Issue No. 4: Is the Tenant Entitled to Other Relief?
[35] The Tenant sought other relief in his Notice of Application which his counsel did not argue in any detail during this hearing. He sought:
- An order declaring that the term of the tenancy is ten (10) years;
- An order requiring the Landlord to provide an accounting of the amounts paid by the Tenant to the Landlord;
- An order requiring the Landlord to obtain an order from this Court prior to taking any steps to terminate the Lease with respect to the issues raised in these proceedings;
[36] I will briefly deal with each of those requests below.
[37] Regarding the length of the term of the tenancy, the tenant’s counsel conceded during the course of argument that there is no amendment to the Lease which was signed by both parties which extends the five-year term of the Lease.
[38] Regarding an accounting, it is clear that (1) the tenant can work out its own accounting of what it says is owing under the Lease and who owes it. It does not require the Landlord to perform an accounting for it; (2) whatever the accounting, the Tenant owes more to the Landlord than vice versa; and (3) the Tenant is judgment proof in any event. Thus there is no utility to ordering the accounting. If the Tenant wishes and believes that it has a viable cause of action, it can commence an action against the Landlord for alleged overpayment of rent.

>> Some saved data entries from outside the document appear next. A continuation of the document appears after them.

Lemma convex_support_right f a l y :
  convex_nonneg f -> 0 <= a -> right_deriv f a l -> a <= y ->
  f a + l * (y - a) <= f y.
Proof.
  intros Hc Ha Hr Hy. destruct (Req_dec a y) as [<-|Hne]; [lra|].
  set (s := (f y - f a) / (y - a)).
  assert (Hs : s * (y - a) = f y - f a) by (unfold s; field; lra).
  (* the difference quotients on (a, y) are bounded by the chord slope s *)
  assert (Hls : l <= s).
  { apply (limit_le_bound (fun h => (f (a + h) - f a) / h) l s (y - a));
      [lra| |exact Hr].
    intros h Hh. set (t := 1 - h / (y - a)).
    assert (Ht : 0 <= t <= 1) by (pose proof (ratio_in_unit h (y - a) Hh); unfold t; lra).
    pose proof (Hc a y t Ha ltac:(lra) Ht) as Hconv.
    replace (t * a + (1 - t) * y) with (a + h) in Hconv by (unfold t; field; lra).
    assert (Hsh : s * h = (1 - t) * (f y - f a)) by (unfold s, t; field; lra).
    apply Rmult_le_reg_r with h; [lra|].
    replace ((f (a + h) - f a) / h * h) with (f (a + h) - f a) by (field; lra).
    lra. }
  assert (l * (y - a) <= s * (y - a)) by (apply Rmult_le_compat_r; lra). lra.
Qed.

Lemma convex_support_left f a l y :
  convex_nonneg f -> 0 <= y -> y < a -> left_deriv f a l ->
  f a + l * (y - a) <= f y.
Proof.
  intros Hc Hy Hya Hl.
  set (s := (f a - f y) / (a - y)).
  assert (Hs : s * (a - y) = f a - f y) by (unfold s; field; lra).
  assert (Hsl : s <= l).
  { apply (limit_ge_bound (fun h => (f a - f (a - h)) / h) l s (a - y));
      [lra| |exact Hl].
    intros h Hh. set (t := h / (a - y)).
    assert (Ht : 0 <= t <= 1) by (apply ratio_in_unit; lra).
    pose proof (Hc y a t Hy ltac:(lra) Ht) as Hconv.
    replace (t * y + (1 - t) * a) with (a - h) in Hconv by (unfold t; field; lra).
    assert (Hsh : s * h = t * (f a - f y)) by (unfold s, t; field; lra).
    apply Rmult_le_reg_r with h; [lra|].
    replace ((f a - f (a - h)) / h * h) with (f a - f (a - h)) by (field; lra).
    lra. }
  assert (s * (a - y) <= l * (a - y)) by (apply Rmult_le_compat_r; lra). lra.
Qed.

Lemma derivable_right_deriv f z l : derivable_pt_lim f z l -> right_deriv f z l.
Proof.
  intros H eps He. destruct (H eps He) as [d Hd].
  exists d; split; [apply cond_pos|]. intros h Hh.
  apply Hd; [lra|]. rewrite Rabs_pos_eq; lra.
Qed.
Lemma eval_bounded e n s0 : admissible e -> exists M, forall s x,
  Rabs (s - s0) <= 1 -> in_Kn n x -> Rabs (eval e s x) <= M.
Proof.
  intros W. induction e; simpl in *.
  - exists 1. intros s x _ Hx. apply in_Kn_in01 in Hx. unfold in01 in Hx.
    rewrite Rabs_pos_eq; lra.
  - exists (Rabs s0 + 1). intros s x Hs _.
    replace s with (s0 + (s - s0)) by ring.
    eapply Rle_trans; [apply Rabs_triang|]. lra.
  - exists (Rabs c). intros; lra.
  - destruct W as [W1 W2], (IHe1 W1) as [M1 H1], (IHe2 W2) as [M2 H2].
    exists (M1 + M2). intros s x Hs Hx.
    eapply Rle_trans; [apply Rabs_triang|].
    specialize (H1 s x Hs Hx); specialize (H2 s x Hs Hx); lra.
  - destruct W as [W1 W2], (IHe1 W1) as [M1 H1], (IHe2 W2) as [M2 H2].
    exists (M1 * M2). intros s x Hs Hx. rewrite Rabs_mult.
    apply Rmult_le_compat; auto using Rabs_pos.
  - destruct W as [_ [Hnz Hgap]], (Hgap n) as [m [Hm Hb]].
    exists (/ m). intros s x _ Hx.
    assert (eval e s x <> 0) by (apply Hnz, (in_Kn_in01 n), Hx).
    rewrite Rabs_inv. apply Rinv_le_contravar; auto.
Qed.

Lemma difference_quotient_error (P P' P'' : R -> R) t M h :
  (forall r, Rabs (r - t) <= 1 -> is_derive P r (P' r)) ->
  (forall r, Rabs (r - t) <= 1 -> is_derive P' r (P'' r)) ->
  (forall r, Rabs (r - t) <= 1 -> Rabs (P'' r) <= M) ->
  h <> 0 -> Rabs h <= 1 ->
  Rabs ((P (t + h) - P t) / h - P' t) <= M * Rabs h.
Proof.
  intros D1 D2 B Hh Hh1.
  replace (Rabs h) with (Rabs (t + h - t)) in * by (f_equal; ring).
  destruct (MVT_cor4 P P' t 1 D1 (t + h) Hh1) as [c [E Hc]].
  destruct (MVT_cor4 P' P'' t 1 D2 c ltac:(lra)) as [d [E2 Hd]].
  replace ((P (t + h) - P t) / h - P' t) with (P' c - P' t)
    by (rewrite E; field_simplify_eq; [ring|exact Hh]).
  rewrite E2, Rabs_mult.
  apply Rmult_le_compat; auto using Rabs_pos with real.
  apply B; lra.
Qed.

Lemma Derive_n_difference_quotient e t h k x : admissible e -> in01 x ->
  Derive_n (fun y => (eval e (t + h) y - eval e t y) / h) k x
  = (eval (dxn k e) (t + h) x - eval (dxn k e) t x) / h.
Proof.
  intros W Hx.
  apply (Derive_n_of_derivative_chain _
    (fun k y => (eval (dxn k e) (t + h) y - eval (dxn k e) t y) / h)); auto.
  intros j y Hy. simpl. unfold Rdiv.
  apply (is_derive_ext (fun y => / h * (eval (dxn j e) (t + h) y - eval (dxn j e) t y))).
  { intros z. apply Rmult_comm. }
  rewrite Rmult_comm. apply is_derive_scal.
  apply (is_derive_minus (fun y => eval (dxn j e) (t + h) y) (fun y => eval (dxn j e) t y));
    apply is_derive_eval_x; auto using admissible_dxn.
Qed.
Lemma Bmat_left_eigenvector (v : 'cV[R]_n.+1) : v^T *m A = lam *: v^T ->
  (ext_vec k.+1 v (v ord0 0))^T *m Bmat k.+1 A j lam = lam *: (ext_vec k.+1 v (v ord0 0))^T.
Proof.
move=> vA; rewrite Bmat_block ext_vec_col_mx tr_col_mx mul_row_block scale_row_mx.
rewrite trmx_const; congr row_mx.
  rewrite mulmxDr mul_mx_scalar -!scalemxAr const_mulmx_shift mulmx_delta_mx.
  by apply/matrixP => s q; rewrite !mxE; ring.
rewrite mulmxBr -!scalemxAr !mulmx_delta_mx vA.
by apply/matrixP => s q; rewrite !mxE; ring.
Qed.

Lemma Bmat_eigenvector_uniq (u : 'cV[R]_n.+1) : a != 0 ->
  (forall y, A *m y = lam *: y -> exists c, y = c *: u) ->
  forall x, Bmat k.+1 A j lam *m x = lam *: x -> exists c, x = c *: ext_vec k.+1 u (u j 0).
Proof.
move=> nza uniqA x; rewrite -[x]vsubmxK; set x1 := usubmx x; set y := dsubmx x.
rewrite Bmat_block mul_block_col scale_col_mx => /eq_col_mx[top bot].
have x1E : x1 = const_mx (y j 0).
  apply: shift_mx_fixed; apply/matrixP => p s; move/matrixP: top => /(_ p s).
  rewrite mulmxDl mul_scalar_mx -!scalemxAl delta_mx_mulmx.
  move: (shift_mx R k *m x1) => Sx.
  rewrite !mxE => e; apply: (mulfI nza); rewrite mulrDr.
  by apply: (addrI ((lam - a) * x (lshift n.+1 p) s)); rewrite addrA e; ring.
rewrite mulmxBl -!scalemxAl !delta_mx_mulmx x1E mxE addrC subrK in bot.
have [c yc] := uniqA y bot.
exists c; rewrite ext_vec_col_mx x1E yc scale_col_mx; congr col_mx.
by apply/matrixP => p s; rewrite !mxE.
Qed.
End ExtendedMatrix.

Unset Implicit Arguments.

Theorem theorem2p2 (R : realType) (n k : nat) (A : 'M[R]_n.+1) (j : 'I_n.+1)
  (lam : R) (u v : 'cV[R]_n.+1) :
  A ord0 j < 0 ->
  0 < lam ->
  simple_eigenvalue A lam ->
  A *m u = lam *: u ->
  v^T *m A = lam *: v^T ->
  (forall i, 0 < u i 0) ->
  (forall i, 0 < v i 0) ->
  let B := Bmat k.+1 A j lam in
  let w := ext_vec k.+1 u (u j 0) in
  let z := ext_vec k.+1 v (v ord0 0) in
  [/\ simple_eigenvalue B lam,
      B *m w = lam *: w,
      z^T *m B = lam *: z^T
    & alg_positive B].
Proof.
move=> a_neg _ simpleA Au vA upos vpos B w z.
have wpos : forall i, 0 < w i 0 by apply: ext_vec_pos.
have zpos : forall i, 0 < z i 0 by apply: ext_vec_pos.
have Bw : B *m w = lam *: w by apply: Bmat_eigenvector.
have zB : z^T *m B = lam *: z^T by apply: Bmat_left_eigenvector.
have /(eigenvector_uniqP (pos_cV_neq0 upos) Au) uniqA := simple_eigenvalue_rank simpleA.
have simpleB : simple_eigenvalue B lam.
  apply: (simple_eigenvalue_of_rank _ Bw zB (pos_cV_dot_neq0 zpos wpos)).
  apply/(eigenvector_uniqP (pos_cV_neq0 wpos) Bw).
  exact: Bmat_eigenvector_uniq (ltr0_neq0 a_neg) uniqA.
split=> //; exact: simple_eigenvalue_alg_positive simpleB Bw zB wpos zpos.
Qed.
(* Let $k\geq0$ and let $w,\bar w\in W_n$ both be increasing up to $k$ and have the same $k$-truncated A-code, with $\ell(w)=\ell(\bar w)+1$. Suppose that $v(\bar w)=s_iv(w)$ for some simple reflection $s_i$, $i\geq0$. Then $\bar w=s_iw$.
   Context: $W_n$ is the group of signed permutations $w=(w_1,\ldots,w_n)$ of $\{1,\ldots,n\}$; $\ell(w)=\#\{i<j\mid w_i>w_j\}+\sum_{w_i<0}|w_i|$. Left multiplication: for $i\geq1$, $s_iw$ is obtained by interchanging the values $i$ and $i+1$ (and $-i$ and $-(i+1)$) in $w$; $s_0w$ changes the sign of the entry equal to $\pm1$. $w$ is increasing up to $k$ if $0<w_1<\cdots<w_k$ (vacuous for $k=0$). The A-code is $\gamma_i:=\#\{j>i\mid w_j<w_i\}$ and the $k$-truncated A-code is $(\gamma_{k+1},\ldots,\gamma_n)$. $v(w)$ is the element obtained from $w$ by rearranging the entries $w_{k+1},\ldots,w_n$ in increasing order. *)

From mathcomp Require Import all_boot all_order all_algebra.
Set Implicit Arguments. Unset Strict Implicit. Unset Printing Implicit Defensive.
Import Order.TTheory GRing.Theory Num.Theory.
Local Open Scope ring_scope.

(* A signed permutation w = (w_1,...,w_n) of W_n is represented by the
   sequence [:: w_1; ...; w_n] of integers (0-indexed in Rocq). *)
Definition signed_perm (n : nat) (w : seq int) : bool :=
  (size w == n) && perm_eq (map absz w) (iota 1 n).

Definition slength (w : seq int) : nat :=
  (\sum_(0 <= i < size w) \sum_(i.+1 <= j < size w) ((nth 0%R w j < nth 0%R w i)%R : nat))%N
  + (\sum_(0 <= i < size w) (if (nth 0%R w i < 0)%R then absz (nth 0%R w i) else 0%N))%N.

(* Left multiplication by the simple reflection s_i:
   s_0 changes the sign of the entry equal to +-1; for i >= 1, s_i
   interchanges the values i and i+1 (and -i and -(i+1)). *)
Definition sref (i : nat) (w : seq int) : seq int :=
  map (fun x : int =>
    if i == 0%N then (if absz x == 1%N then - x else x)
    else if absz x == i then (if x < 0 then - (i.+1)%:Z else (i.+1)%:Z)
    else if absz x == i.+1 then (if x < 0 then - i%:Z else i%:Z)
    else x) w.

Definition incr_upto (k : nat) (w : seq int) : bool :=
  all (fun x : int => 0 < x) (take k w) && sorted (fun x y : int => x < y) (take k w).

Definition Acode_entry (w : seq int) (i : nat) : nat :=
  (\sum_(i.+1 <= j < size w) ((nth 0%R w j < nth 0%R w i)%R : nat))%N.

Definition trunc_Acode (k : nat) (w : seq int) : seq nat :=
  map (Acode_entry w) (iota k (size w - k)).

Definition vrearr (k : nat) (w : seq int) : seq int :=
  take k w ++ sort (fun x y : int => x <= y) (drop k w).

From mathcomp Require Import all_boot all_order all_algebra zify.

Set Implicit Arguments.
Unset Strict Implicit.
Unset Printing Implicit Defensive.
Import Order.TTheory GRing.Theory Num.Theory.
Local Open Scope ring_scope.

(* Since v(w) and v(wb) = s_i v(w) both have increasing tails, s_i cannot
   exchange two tail entries of w, so it preserves their relative order.
   Hence s_i w has the same truncated A-code as w, i.e. as wb.  Tails of wb
   and of s_i w are also rearrangements of each other, and a sequence is
   determined by its multiset of entries together with its A-code; the
   first k entries agree directly because v leaves them untouched. *)

Section SortedMap.

Variables (disp : Order.disp_t) (T : orderType disp) (f : T -> T).

Lemma sorted_map_mono (s : seq T) :
  {in s &, forall x y, x < y -> f x < f y \/ f x = y /\ f y = x}%O ->
  sorted <=%O s -> sorted <=%O (map f s) ->
  {in s &, {mono f : x y / (x < y)%O}}.
Proof.
elim: s => [|x s IHs] f_lt //= /[dup] /(order_path_min le_trans) le_x_s xs_sorted.
move=> /[dup] /(order_path_min le_trans); rewrite all_map => le_fx_fs fxs_sorted.
have in_xs z : z \in s -> z \in x :: s by rewrite inE => ->; rewrite orbT.
have mono_x y : y \in s -> (f x < f y)%O = (x < y)%O /\ (f y < f x)%O = (y < x)%O.
  move=> ys; have := allP le_x_s y ys; rewrite le_eqVlt => /predU1P[<-|lt_xy].
    by rewrite ltxx.
  have [lt_fxy|[fxy fyx]] := f_lt x y (mem_head _ _) (in_xs y ys) lt_xy.
    by rewrite lt_fxy lt_xy (lt_gtF lt_fxy) (lt_gtF lt_xy).
  by move: (allP le_fx_fs y ys) => /=; rewrite fxy fyx leNgt lt_xy.
move=> a b; rewrite !inE => /predU1P[->|as_] /predU1P[->|bs].
- by rewrite !ltxx.
- by case: (mono_x b bs).
- by case: (mono_x a as_).
apply: IHs => //; [move=> y z ys zs; apply: f_lt; exact: in_xs|
  exact: path_sorted xs_sorted|exact: path_sorted fxs_sorted].
Qed.

End SortedMap.

Definition sref_val (i : nat) (x : int) : int :=
  if i == 0%N then (if absz x == 1%N then - x else x)
  else if absz x == i then (if x < 0 then - (i.+1)%:Z else (i.+1)%:Z)
  else if absz x == i.+1 then (if x < 0 then - i%:Z else i%:Z)
  else x.

Lemma srefE i w : sref i w = map (sref_val i) w. Proof. by []. Qed.

Lemma sref_val_lt i x y : x != 0 -> y != 0 -> x < y ->
  sref_val i x < sref_val i y \/ sref_val i x = y /\ sref_val i y = x.
Proof. by rewrite /sref_val => *; repeat case: ifP => ?; lia. Qed.

Lemma sref_val_mono_sorted i d : {in d, forall x, x != 0} ->
  sorted <=%O (map (sref_val i) (sort <=%O d)) ->
  {in d &, {mono sref_val i : x y / x < y}}.
Proof.
move=> d_neq0 sorted_map x y xd yd.
have sref_lt : {in sort <=%O d &, forall x y, x < y ->
    sref_val i x < sref_val i y \/ sref_val i x = y /\ sref_val i y = x}.
  by move=> a b /[!mem_sort] ad bd; apply: sref_val_lt; apply: d_neq0.
by apply: (sorted_map_mono sref_lt (sort_sorted le_total d) sorted_map); rewrite mem_sort.
Qed.

Lemma signed_perm_neq0 n w x : signed_perm n w -> x \in w -> x != 0.
Proof.
case/andP=> _ /perm_mem w_abs xw; apply: contraTneq (map_f absz xw) => ->.
by rewrite w_abs mem_iota.
Qed.

Definition Acode (s : seq int) : seq nat := map (Acode_entry s) (iota 0 (size s)).

Lemma Acode_entry0 x s : Acode_entry (x :: s) 0 = count (fun y => y < x) s.
Proof.
by rewrite /Acode_entry big_add1 /= -sum1_count [RHS]big_mkcond [RHS](big_nth 0).
Qed.

Lemma Acode_entryS x s m : Acode_entry (x :: s) m.+1 = Acode_entry s m.
Proof. by rewrite /Acode_entry big_add1. Qed.

Lemma Acode_cons x s : Acode (x :: s) = count (fun y => y < x) s :: Acode s.
Proof.
rewrite /Acode /= Acode_entry0 -(addn0 1%N) iotaDl -map_comp.
by congr cons; apply: eq_map => m /=; rewrite add1n Acode_entryS.
Qed.

Lemma Acode_entry_drop k s m : Acode_entry s (k + m) = Acode_entry (drop k s) m.
Proof.
elim: k s => [|k IHk] [|x s]; rewrite ?drop0 //=.
  by rewrite /Acode_entry /index_iota /= !big_nil.
by rewrite Acode_entryS IHk.
Qed.

Lemma trunc_AcodeE k s : trunc_Acode k s = Acode (drop k s).
Proof.
rewrite /trunc_Acode /Acode size_drop -{1}(addn0 k) iotaDl -map_comp.
by apply: eq_map => m /=; rewrite Acode_entry_drop.
Qed.

Lemma Acode_map (f : int -> int) s :
  {in s &, {mono f : x y / x < y}} -> Acode (map f s) = Acode s.
Proof.
elim: s => [|x s IHs] //= f_mono.
have in_xs y : y \in s -> y \in x :: s by rewrite inE => ->; rewrite orbT.
rewrite !Acode_cons IHs; last by move=> a b /in_xs as_ /in_xs bs; apply: f_mono.
by rewrite count_map; congr cons; apply: eq_in_count => y /in_xs ys /=; rewrite f_mono ?mem_head.
Qed.

(* Comparing the counts of entries below x and below y in the common
   multiset shows that equal first A-code entries force x = y. *)
Lemma perm_Acode_inj s t : perm_eq s t -> Acode s = Acode t -> s = t.
Proof.
elim: s t => [|x s IHs] [|y t] //; try by move/perm_size.
rewrite !Acode_cons => pst [count_xy /IHs st].
suff exy : x = y by move: pst; rewrite exy perm_cons => /st ->.
have count_lt_mono (a b : int) (u : seq int) : a < b ->
    (count (fun z => (z < a)%R) u <= count (fun z => (z < b)%R) u)%N.
  by move=> lt_ab; apply: sub_count => z /= /lt_trans; apply.
have := permP pst (fun z => z < x); have := permP pst (fun z => z < y).
rewrite /= !ltxx; case: ltgtP => //= lt_xy; rewrite !add0n ?add1n.
- move=> count_y _; have := count_lt_mono _ _ s lt_xy.
  by rewrite count_xy -count_y ltnn.
- move=> _ count_x; have := count_lt_mono _ _ t lt_xy.
  by rewrite -count_xy count_x ltnn.
Qed.

Lemma vrearr_sref_split k i w wb :
  size wb = size w ->
  vrearr k wb = sref i (vrearr k w) ->
  take k wb = take k (sref i w) /\
  sort <=%O (drop k wb) = map (sref_val i) (sort <=%O (drop k w)).
Proof.
move=> size_eq; rewrite /vrearr srefE map_cat map_take => /eqP.
by rewrite eqseq_cat ?size_take ?size_map ?size_eq // => /andP[/eqP -> /eqP ->].
Qed.

Theorem lemma10 (n k : nat) (w wb : seq int) (i : nat) :
  signed_perm n w -> signed_perm n wb ->
  incr_upto k w -> incr_upto k wb ->
  trunc_Acode k w = trunc_Acode k wb ->
  slength w = (slength wb).+1 ->
  (i < n)%N ->
  vrearr k wb = sref i (vrearr k w) ->
  wb = sref i w.
Proof.
move=> sp_w sp_wb _ _ code_eq _ _.
have size_eq : size wb = size w by case/andP: sp_w => /eqP ->; case/andP: sp_wb => /eqP.
case/(vrearr_sref_split size_eq) => head_eq tail_eq.
set d := drop k w.
have sref_mono : {in d &, {mono sref_val i : x y / x < y}}.
  apply: sref_val_mono_sorted => [x /mem_drop|]; first exact: signed_perm_neq0 sp_w.
  by rewrite -tail_eq; apply: sort_sorted; exact: le_total.
have tail_perm : perm_eq (drop k wb) (drop k (sref i w)).
  rewrite srefE -map_drop -/d -(perm_sort <=%O) tail_eq perm_map //.
  by rewrite perm_sort.
have tails : drop k wb = drop k (sref i w).
  apply: perm_Acode_inj tail_perm _.
  by rewrite srefE -map_drop -/d Acode_map // -trunc_AcodeE -code_eq trunc_AcodeE.
by rewrite -(cat_take_drop k wb) head_eq tails cat_take_drop.
Qed.
Lemma Jaux_sep V U (V' : 'M[R]_(n, k)) : posmx V -> posmx U -> posmx V' ->
  J V V' - J U V'
  = Jsep (lnweight (Delta1 V') V') (sqweight (Delta2 V') V') V
    - Jsep (lnweight (Delta1 V') V') (sqweight (Delta2 V') V') U.
Proof.
move=> pV pU pV'; rewrite -frob_gaps_sep.
have -> : J V V' - J U V'
  = (Jterm A1 B1 V V' - Jterm A1 B1 U V') + (Jterm A2 B2 V V' - Jterm A2 B2 U V')
    + lam2 * ((Jgraph WP V V' - Jgraph WP U V') + (Jgraph WQ V V' - Jgraph WQ U V')).
  by rewrite /J /Jaux; ring.
rewrite !Jterm_diff // !Jgraph_diff // /Delta1 /Delta2.
by rewrite !mulmxDr !mulmxDl !frobDl !frobZl !frobDl; ring.
Qed.

(* Part (ii): J(., V') differs from the convex Jsep by a constant. *)
Lemma Jaux_convex (V' V1 V2 : 'M[R]_(n, k)) t : posmx V' -> posmx V1 -> posmx V2 ->
  0 <= t <= 1 -> J (t *: V1 + (1 - t) *: V2) V' <= t * J V1 V' + (1 - t) * J V2 V'.
Proof.
move=> pV' p1 p2 t01; have [D1_0 D2_0] := Delta_nonneg pV'.
have [a0 b0] := weights_nonneg D1_0 D2_0 pV'.
set a := lnweight (Delta1 V') V' in a0; set b := sqweight (Delta2 V') V' in b0.
have JE X : posmx X -> J X V' = Jsep a b X + (J V' V' - Jsep a b V').
  by move=> pX; have := Jaux_sep pX pV' pV'; lra.
rewrite (JE _ (posmx_convex p1 p2 t01)) (JE _ p1) (JE _ p2).
by have := Jsep_convex a0 b0 p1 p2 t01; lra.
Qed.

Lemma Jaux_argmin (V' : 'M[R]_(n, k)) : posmx V' ->
  posmx (Delta1 V') -> posmx (Delta2 V') ->
  let Vstar := update (Delta1 V') (Delta2 V') V' in
  posmx Vstar /\ (forall V, posmx V -> J Vstar V' <= J V V') /\
  (forall V, posmx V -> J V V' <= J Vstar V' -> V = Vstar).
Proof.
move=> pV' pD1 pD2 Vs; have [Vs_pos argmin] := update_argmin pD1 pD2 pV'.
split=> //; split=> V pV; have [min uniq] := argmin V pV;
  have := Jaux_sep pV Vs_pos pV' => sep.
- lra.
- by move=> le; apply: uniq; lra.
Qed.
End AuxiliaryFunction.

Theorem mainTheorem2 (R : realType) (n k : nat) (lam2 : R)
  (A1 A2 : 'M[R]_k) (B1 B2 : 'M[R]_(n, k)) (WP WQ : 'M[R]_n) :
  0 <= lam2 -> symmx A1 -> symmx A2 ->
  symmx WP -> symmx WQ -> nonnegmx WP -> nonnegmx WQ ->
  let F := Fobj lam2 A1 A2 B1 B2 WP WQ in
  let J := Jaux lam2 A1 A2 B1 B2 WP WQ in
  (* (i) J is an auxiliary function for F *)
  (forall V V' : 'M[R]_(n, k), posmx V -> posmx V' ->
     F V <= J V V' /\ J V V = F V) /\
  (* (ii) J(., V') is convex on the open positive orthant *)
  (forall V' : 'M[R]_(n, k), posmx V' ->
     forall (V1 V2 : 'M[R]_(n, k)) (t : R), posmx V1 -> posmx V2 ->
     0 <= t <= 1 ->
     J (t *: V1 + (1 - t) *: V2) V' <= t * J V1 V' + (1 - t) * J V2 V') /\
  (* (iii) closed-form global minimizer *)
  (forall V' : 'M[R]_(n, k), posmx V' ->
     let Delta1 := pospart B1 + pospart B2 + V' *m (negpart A1 + negpart A2)
                   + lam2 *: ((WP + WQ) *m V') in
     let Delta2 := negpart B1 + negpart B2 + V' *m (pospart A1 + pospart A2)
                   + lam2 *: ((degmx WP + degmx WQ) *m V') in
     posmx Delta1 -> posmx Delta2 ->
     let Vstar := \matrix_(i, j) (V' i j * Num.sqrt (Delta1 i j / Delta2 i j)) in
     posmx Vstar /\
     (forall V : 'M[R]_(n, k), posmx V -> J Vstar V' <= J V V') /\
     (forall V : 'M[R]_(n, k), posmx V -> J V V' <= J Vstar V' -> V = Vstar)).
Proof.
move=> l0 sA1 sA2 sP sQ nP nQ F J; split; [|split].
- by move=> V V' pV pV'; split; [exact: Jaux_ge | exact: Jaux_id].
- by move=> V' pV' V1 V2 t; exact: Jaux_convex.
- move=> V' pV' Delta1 Delta2 pD1 pD2.
  exact (Jaux_argmin sA1 sA2 sP sQ pV' pD1 pD2).
Qed.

[39] Regarding an order requiring leave to take any further steps to terminate the Lease, in light of my findings above, that request is moot.
Conclusion
[40] For the reasons set out above, I dismiss this application.
Costs
[41] The Landlord was completely successful in this proceeding. If it seeks its costs of this application, it shall submit its costs submission of up to three pages, double-spaced, one-inch margins, plus bill of costs/costs outline and any offers to settle within seven days. The Tenant may respond in kind within a further seven days. No reply unless I request it. If I do not receive costs submissions upon the timeline set out above, I will assume that the costs issue is resolved and make no order.